For LICs, the IMF has bolstered PRGT lending and access to its Rapid Credit Facility. It modified the CCRT eligibility criteria in March and has extended debt relief to 25 countries for six months. At the G20 Finance Ministers meeting this month, the IMF and World Bank secured agreement on a six-month standstill on official bilateral debt for around 76 low-income countries. China will be most affected as it is the largest official bilateral creditor.

Fund-raising

Whether these resources are sufficient depends on the severity and duration of the crisis; its impact on the prices of commodities; the extent to which countries choose to seek help; the degree to which existing measures and recipient countries' adjustments cover financing requirements; and how much of the residual financing gap the Fund is prepared to cover (see INTERNATIONAL: COVID-19 to challenge developing states - April 8, 2020).

Existing funds might last the duration of the crisis. However, more may be needed, especially if there is significant economic damage, or a second wave of COVID-19 infections. Further financing is likely to be raised.

There is a critical compositional dimension to the Fund's resources. The Fund's quotas are its primary resources -- but only 265 billion dollars remains. The last increase, agreed in 2010, was implemented in 2016. The NAB (182 billion dollars) and bilateral borrowings (341 billion) are supposed to be back-up resources.

General resources

Quota resources will need to be increased, not only given the recurrence of global crises but to remain the IMF's primary financing source. Negotiations will conclude at end-2023 but are moving slowly.

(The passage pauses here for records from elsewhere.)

(* Consider the GBDF4 coefficients $(a_0,\dots,a_3)=\big(\tfrac{2\beta^3+9\beta^2+11\beta+3}{12},\tfrac{-6\beta^3-21\beta^2-9\beta+13}{12},\tfrac{6\beta^3+15\beta^2-3\beta-5}{12},\tfrac{-2\beta^3-3\beta^2+\beta+1}{12}\big)$, $(b_0,\dots,b_4)=\big(\tfrac{\beta^3+3\beta^2+2\beta}{6},\tfrac{-\beta^3-2\beta^2+\beta+2}{2},\tfrac{\beta^3+\beta^2-2\beta}{2},\tfrac{\beta-\beta^3}{6},0\big)$, $(c_0,\dots,c_3)=\big(\tfrac{\beta^3+6\beta^2+11\beta+6}{6},\tfrac{-\beta^3-5\beta^2-6\beta}{2},\tfrac{\beta^3+4\beta^2+3\beta}{2},\tfrac{-\beta^3-3\beta^2-2\beta}{6}\big)$. For $\beta\ge1$, $$\sigma_{\mathrm{F}}\ge1,\quad\sigma_{\mathrm{E}}\ge\frac{4\beta^3+18\beta^2+20\beta+3}{4(\beta^3+3\beta^2+\beta-1)},\quad\lambda_{\mathrm{I}}\le\frac{4\beta^3+6\beta^2-4\beta-3}{4(\beta^3+3\beta^2+\beta-1)},$$ so that $\mathfrak{I}_{\mathrm{IE}}\le\dfrac{4\beta^3+6\beta^2-4\beta-3}{4\beta^3+18\beta^2+20\beta+3}$. If $\beta=9$, then $\sigma_{\mathrm{F}}\le\frac{49}{45}$, $\sigma_{\mathrm{E}}\le\frac{2319}{1960}$, $\lambda_{\mathrm{I}}\ge\frac{1641}{1960}$, so that $\mathfrak{I}_{\mathrm{IE}}\ge\frac{547}{773}$.
   Context: For coefficient vectors $(a_j)_{j=0}^{\mathrm{k}-1}$, $(b_j)_{j=0}^{\mathrm{k}}$, $(c_j)_{j=0}^{\mathrm{k}-1}$ define $a(\theta)=\sum_j a_je^{\imath j\theta}$, $b(\theta)=\sum_j b_je^{\imath j\theta}$, $c(\theta)=\sum_jc_je^{\imath j\theta}$ and $\sigma_{\mathrm{F}}=\max_{\theta\in[0,2\pi)}|1/a(\theta)|$, $\sigma_{\mathrm{E}}=\max_{\theta\in[0,2\pi)}|c(\theta)/a(\theta)|$, $\lambda_{\mathrm{I}}=\min_{\theta\in[0,2\pi)}\Re[b(\theta)/a(\theta)]$, $\mathfrak{I}_{\mathrm{IE}}=\lambda_{\mathrm{I}}/\sigma_{\mathrm{E}}$. Here $\mathrm{k}=4$. *)

From Stdlib Require Import Reals List.
Import ListNotations.
From Coquelicot Require Import Coquelicot.
Open Scope R_scope.

Definition Cexpi (t : R) : C := (cos t, sin t).

Fixpoint trig_poly_aux (l : list R) (j : nat) (theta : R) : C :=
  match l with
  | nil => RtoC 0
  | x :: l' => Cplus (Cmult (RtoC x) (Cexpi (INR j * theta)))
                     (trig_poly_aux l' (S j) theta)
  end.

Definition trig_poly (l : list R) (theta : R) : C := trig_poly_aux l 0 theta.

Definition IsMaxOn (f : R -> R) (m : R) : Prop :=
  (exists t, 0 <= t < 2 * PI /\ f t = m) /\
  (forall t, 0 <= t < 2 * PI -> f t <= m).

Definition IsMinOn (f : R -> R) (m : R) : Prop :=
  (exists t, 0 <= t < 2 * PI /\ f t = m) /\
  (forall t, 0 <= t < 2 * PI -> m <= f t).

Definition gbdf4_a (b : R) : list R :=
  [ (2*b^3 + 9*b^2 + 11*b + 3) / 12 ;
    (-6*b^3 - 21*b^2 - 9*b + 13) / 12 ;
    (6*b^3 + 15*b^2 - 3*b - 5) / 12 ;
    (-2*b^3 - 3*b^2 + b + 1) / 12 ].

Definition gbdf4_b (b : R) : list R :=
  [ (b^3 + 3*b^2 + 2*b) / 6 ;
    (-b^3 - 2*b^2 + b + 2) / 2 ;
    (b^3 + b^2 - 2*b) / 2 ;
    (b - b^3) / 6 ;
    0 ].

Definition gbdf4_c (b : R) : list R :=
  [ (b^3 + 6*b^2 + 11*b + 6) / 6 ;
    (-b^3 - 5*b^2 - 6*b) / 2 ;
    (b^3 + 4*b^2 + 3*b) / 2 ;
    (-b^3 - 3*b^2 - 2*b) / 6 ].

Definition sigmaF_fun (b : R) (t : R) : R :=
  Cmod (Cinv (trig_poly (gbdf4_a b) t)).
Definition sigmaE_fun (b : R) (t : R) : R :=
  Cmod (Cdiv (trig_poly (gbdf4_c b) t) (trig_poly (gbdf4_a b) t)).
Definition lambdaI_fun (b : R) (t : R) : R :=
  Re (Cdiv (trig_poly (gbdf4_b b) t) (trig_poly (gbdf4_a b) t)).

From Stdlib Require Import Reals Lra List.
From Coquelicot Require Import Coquelicot.
Open Scope R_scope.

(* Since e^{ij theta} = T_j(cos theta) + i sin theta U_{j-1}(cos theta) with Chebyshev polynomials
   T, U, the quantities |a|^2, |c|^2 and Re(b conj a) are polynomials in x = cos theta, so the
   three symbols are continuous functions of x in [-1, 1] and attain their extrema there.
   Division by a is harmless: in y = 1 - x and u = beta - 1 one has
   |a|^2 = 1 + y/6 - q y^2 + r y^3 with q, r > 0 and 4 q^3 < 27 r^2, and the cubic
   r y^3 - q y^2 is bounded below by -4 q^3 / (27 r^2) on y >= 0.  The general bounds are the
   values of the symbols at theta = 0 and theta = pi; for beta = 9 the reverse bounds reduce to
   nonnegativity of explicit cubics in x on [-1, 1]. *)

Lemma sin_pow2 (t : R) : sin t ^ 2 = 1 - cos t ^ 2.
Proof. rewrite <- !Rsqr_pow2; apply sin2. Qed.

Fund members will need to agree on the increase and distribution of voting power. China is 6% of the Fund's voting power, but more than 15% of global GDP. Many EMs and LICs desire more voting power as a matter of fairness.

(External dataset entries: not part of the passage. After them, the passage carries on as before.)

(* Let $\gamma:[0,1]\to\mathbb R^d$ be bounded and measurable, let $\alpha\in(0,1]$, $b\in L^1_tC^{\alpha,\mathrm{loc}}_x$, and consider the ODE $y_t=y_0+\int_0^tb_s(y_s)\mathrm ds+\gamma_t$. Suppose it admits a locally $\beta$-Hölder continuous semiflow $\Phi$ with $\beta(1+\alpha)>1$. Then for any $0\le S\le T\le1$ and $y\in\mathbb R^d$ there exists a unique solution $z:[S,T]\to\mathbb R^d$ of $z_t=y+\int_S^tb_r(z_r)\mathrm dr+\gamma_t-\gamma_S$, $t\in[S,T]$, and it is given by $z_t=\Phi_{S\to t}(y)$.
   Context: $C^{\alpha,\mathrm{loc}}_x$ is the space of functions $f$ on $\mathbb R^d$ with $fg\in C^\alpha_x$ for every smooth compactly supported $g$ (locally $\alpha$-Hölder functions for $\alpha<1$); $L^1_tC^{\alpha,\mathrm{loc}}_x=L^1([0,1];C^{\alpha,\mathrm{loc}}_x)$ (all local seminorms integrable). A semiflow is a jointly measurable $\Phi:\{0\le s\le t\le1\}\times\mathbb R^d\to\mathbb R^d$ with $\Phi_{s\to t}(x)=x+\int_s^tb_r(\Phi_{s\to r}(x))\mathrm dr+\gamma_t-\gamma_s$ for all $(s,x)$, $t\in[s,1]$, and $\Phi_{s\to t}(x)=\Phi_{r\to t}(\Phi_{s\to r}(x))$ for $s\le r\le t$. It is locally $\beta$-Hölder continuous if for every $K>0$ there is $N$ with $|\Phi_{s\to t}(x)-\Phi_{s\to t}(y)|\le N|x-y|^\beta$ for all $s\le t$ and $x,y\in B_K$. *)

(* R^d is modelled as row vectors 'rV[R]_d with the
   library's (max) norm; all norms on R^d are equivalent. *)
From HB Require Import structures.
From mathcomp Require Import all_boot all_order all_algebra.
From mathcomp Require Import all_classical all_reals all_analysis.
From mathcomp Require Import measurable_realfun.
Set Implicit Arguments. Unset Strict Implicit. Unset Printing Implicit Defensive.
Import Order.TTheory GRing.Theory Num.Theory.
Import numFieldNormedType.Exports.
Local Open Scope classical_set_scope.
Local Open Scope ring_scope.

Definition vint (R : realType) (d : nat) (s t : R) (f : R -> 'rV[R]_d) : 'rV[R]_d :=
  \row_i Rintegral (@lebesgue_measure R) `[s, t] (fun r => f r 0 i).

Definition vintegrable (R : realType) (d : nat) (s t : R) (f : R -> 'rV[R]_d) : Prop :=
  forall i : 'I_d, (@lebesgue_measure R).-integrable `[s, t] (fun r => (f r 0 i)%:E).

(* b in L^1_t C^{alpha,loc}_x: b_t(x) measurable in t, and for every ball B_K the
   local C^alpha norm  sup_{B_K}|b_t| + [b_t]_{alpha,B_K}  is dominated by an
   integrable function of t on [0,1]. *)
Definition L1t_Calpha_loc (R : realType) (d : nat) (alpha : R)
    (b : R -> 'rV[R]_d -> 'rV[R]_d) : Prop :=
  (forall (x : 'rV[R]_d) (i : 'I_d), measurable_fun (`[0%R, 1%R] : set R) (fun t => b t x 0 i)) /\
  (forall K : R, 0 < K -> exists g : R -> \bar R,
     [/\ measurable_fun (`[0%R, 1%R] : set R) g,
         (forall t : R, (0 <= g t)%E),
         (\int[@lebesgue_measure R]_(t in (`[0%R, 1%R] : set R)) g t < +oo)%E &
         forall t : R, 0 <= t -> t <= 1 -> forall x y : 'rV[R]_d, `|x| <= K -> `|y| <= K ->
           ((`|b t x|)%R%:E <= g t)%E /\
           ((`|b t x - b t y|)%R%:E <= g t * ((`|x - y|) `^ alpha)%R%:E)%E]).

Definition borel_sets (T : topologicalType) : set (set T) := <<s setT, open >>.

(* Semiflow of  y_t = y_0 + \int_0^t b_s(y_s) ds + gamma_t  (Phi s t x = Phi_{s->t}(x)) *)
Definition is_semiflow (R : realType) (d : nat) (b : R -> 'rV[R]_d -> 'rV[R]_d)
    (gamma : R -> 'rV[R]_d) (Phi : R -> R -> 'rV[R]_d -> 'rV[R]_d) : Prop :=
  [/\
      (forall (i : 'I_d) (U : set R), open U ->
         borel_sets
           ([set p : (R * R) * 'rV[R]_d | 0 <= p.1.1 /\ p.1.1 <= p.1.2 /\ p.1.2 <= 1]
            `&` (fun p : (R * R) * 'rV[R]_d => Phi p.1.1 p.1.2 p.2 0 i) @^-1` U)),
      (forall (s t : R) (x : 'rV[R]_d), 0 <= s -> s <= t -> t <= 1 ->
         vintegrable s t (fun r => b r (Phi s r x)) /\
         Phi s t x = x + vint s t (fun r => b r (Phi s r x)) + gamma t - gamma s) &
      (forall (s r t : R) (x : 'rV[R]_d), 0 <= s -> s <= r -> r <= t -> t <= 1 ->
         Phi s t x = Phi r t (Phi s r x))].

Definition loc_holder_semiflow (R : realType) (d : nat) (beta : R)
    (Phi : R -> R -> 'rV[R]_d -> 'rV[R]_d) : Prop :=
  forall K : R, 0 < K -> exists N : R,
    forall (s t : R) (x y : 'rV[R]_d), 0 <= s -> s <= t -> t <= 1 ->
      `|x| <= K -> `|y| <= K -> `|Phi s t x - Phi s t y| <= N * `|x - y| `^ beta.

Definition is_solution (R : realType) (d : nat) (b : R -> 'rV[R]_d -> 'rV[R]_d)
    (gamma : R -> 'rV[R]_d) (S T : R) (y : 'rV[R]_d) (z : R -> 'rV[R]_d) : Prop :=
  forall t, S <= t -> t <= T ->
    vintegrable S t (fun r => b r (z r)) /\
    z t = y + vint S t (fun r => b r (z r)) + gamma t - gamma S.

From HB Require Import structures.
From mathcomp Require Import all_boot all_order all_algebra.
From mathcomp Require Import all_classical all_reals all_analysis.
From mathcomp Require Import measurable_realfun.
From mathcomp Require Import ring lra.
Set Implicit Arguments. Unset Strict Implicit. Unset Printing Implicit Defensive.
Import Order.TTheory GRing.Theory Num.Theory.
Import numFieldNormedType.Exports.
Local Open Scope classical_set_scope.
Local Open Scope ring_scope.

(* Let z solve the equation on [S, T] from y and put f u := Phi_{u->T}(z_u), so
   that f S = Phi_{S->T}(y) and f T = z_T. For s <= t the semiflow property gives
   f t - f s = Phi_{t->T}(z_t) - Phi_{t->T}(Phi_{s->t}(z_s)), and the gap
   Phi_{s->t}(z_s) - z_t is the integral over [s, t] of
   b_r(Phi_{s->r}(z_s)) - b_r(z_r). With G(s, t) the integral over [s, t] of the
   local alpha-Hölder constant g of b, the gap is at most G^(1+alpha) once a
   continuity bootstrap has kept it below 1 (so that both paths stay in a ball
   where the Hölder bounds apply). The beta-Hölder continuity of the flow then
   yields |f t - f s| <= N G^(beta (1+alpha)) = o(G) as beta (1+alpha) > 1, and a
   function whose increments are o(H t - H s) for a continuous H is constant. *)

Section mx_norm_bounds.
Variables (R : realDomainType) (m n : nat).
Implicit Types (M : 'M[R]_(m, n)) (C : R).

Lemma mx_coord_le_norm M i j : `|M i j| <= `|M|.
Proof.
rewrite [leRHS]/Num.norm /= mx_normrE.
by apply/bigmax_geP; right; exists (i, j).
Qed.

Lemma mx_norm_le M C : 0 <= C -> (forall i j, `|M i j| <= C) -> `|M| <= C.
Proof.
move=> C0 MC; rewrite [leLHS]/Num.norm /= mx_normrE.
by elim/big_ind: _ => // x y; rewrite ge_max => -> ->.
Qed.

Lemma mx_norm_lt M C : 0 < C -> (forall i j, `|M i j| < C) -> `|M| < C.
Proof.
move=> C0 MC; rewrite [ltLHS]/Num.norm /= mx_normrE.
by elim/big_ind: _ => // x y; rewrite gt_max => -> ->.
Qed.

End mx_norm_bounds.

Section real_line.
Variable R : realType.

Lemma itvcc_mem (a b x : R) : a <= x -> x <= b -> `[a, b]%classic x.
Proof. by move=> ax xb; rewrite /= in_itv /= ax xb. Qed.

Lemma within_continuous_dist (V : normedModType R) (f : R -> V) (A : set R) x :
  {within A, continuous f} -> A x -> forall e, 0 < e ->
  exists2 dl, 0 < dl & forall y, A y -> `|x - y| < dl -> `|f x - f y| < e.
Proof.
move=> /subspace_continuousP fc Ax e e0.
have fx := (cvgrPdist_lt _ _).1 (fc x Ax) e e0.
have [dl dl0 fdl] := (nbhs_ballP _ _).1 (fx (within_filter _ _)).
by exists dl => // y Ay xy; exact: fdl.
Qed.

Lemma within_continuous_mx m n (F : R -> 'M[R]_(m, n)) (A : set R) :
  (forall i j, {within A, continuous (fun r => F r i j)}) -> {within A, continuous F}.
Proof.
move=> Fc; apply/subspace_continuousP => x Ax; apply/cvgrPdist_lt => e e0.
have Fij i j := (cvgrPdist_lt _ _).1 ((subspace_continuousP _ _).1 (Fc i j) x Ax) e e0.
have : \forall t \near within A (nbhs x), forall i j, `|F x i j - F t i j| < e.
  apply: filter_forall => i; apply: filter_forall => j.
  by apply: Fij; exact: within_filter.
by apply: filterS => t Ft; apply: mx_norm_lt => // i j; rewrite !mxE; exact: Ft.
Qed.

However, the United States will remain reluctant to see China's share rise. Much will hinge on the attitude of the US administration. European nations do not wish to see their voting power reduced.

NAB

Last year, the Fund agreed to double the NAB -- from 250 dollars to 500 billion by end-2020. The United States already secured legislative consent to increase its part. Countries could consent to the additional funding coming onstream ahead of the scheduled date of January 2021.

Bilateral borrowings

As part of the NAB agreement last year, it was agreed to keep the Fund's lending capacity constant at 1 trillion dollars, implicitly paring back bilateral borrowings given the NAB expansion that was agreed. The Fund could undo this and allow more bilateral borrowing, which is the quickest to mobilise.

Bilateral borrowings are the quickest to mobilise

LIC resources

The IMF is calling for donors to contribute 17 billion dollars more in PRGT loan resources, and for contributions for PRGT subsidies and the CCRT. Even if more loans are extended without compensating subsidy funds, existing subsidy resources could be run down quicker than the pace the PRGT's self-sustained lending capacity allows and augmented later. Consideration could be given to selling limited amounts of the Fund's 90 million ounces of gold holdings.

SDRs

There is much debate about a 500-billion-dollar or even 1-trillion-dollar SDR allocation. Proponents argue that there was a 250-billion-dollar allocation during the global financial crisis, and another allocation up to 650 billion would not require US legislation.

However, Washington opposes an SDR allocation -- arguing that most would go to countries with little need as LICs only receive 3% of the total. Insofar as an SDR allocation requires the support of 85% of the Fund's voting power and the United States holds more than 15%, a large-scale SDR allocation is unlikely to occur anytime soon.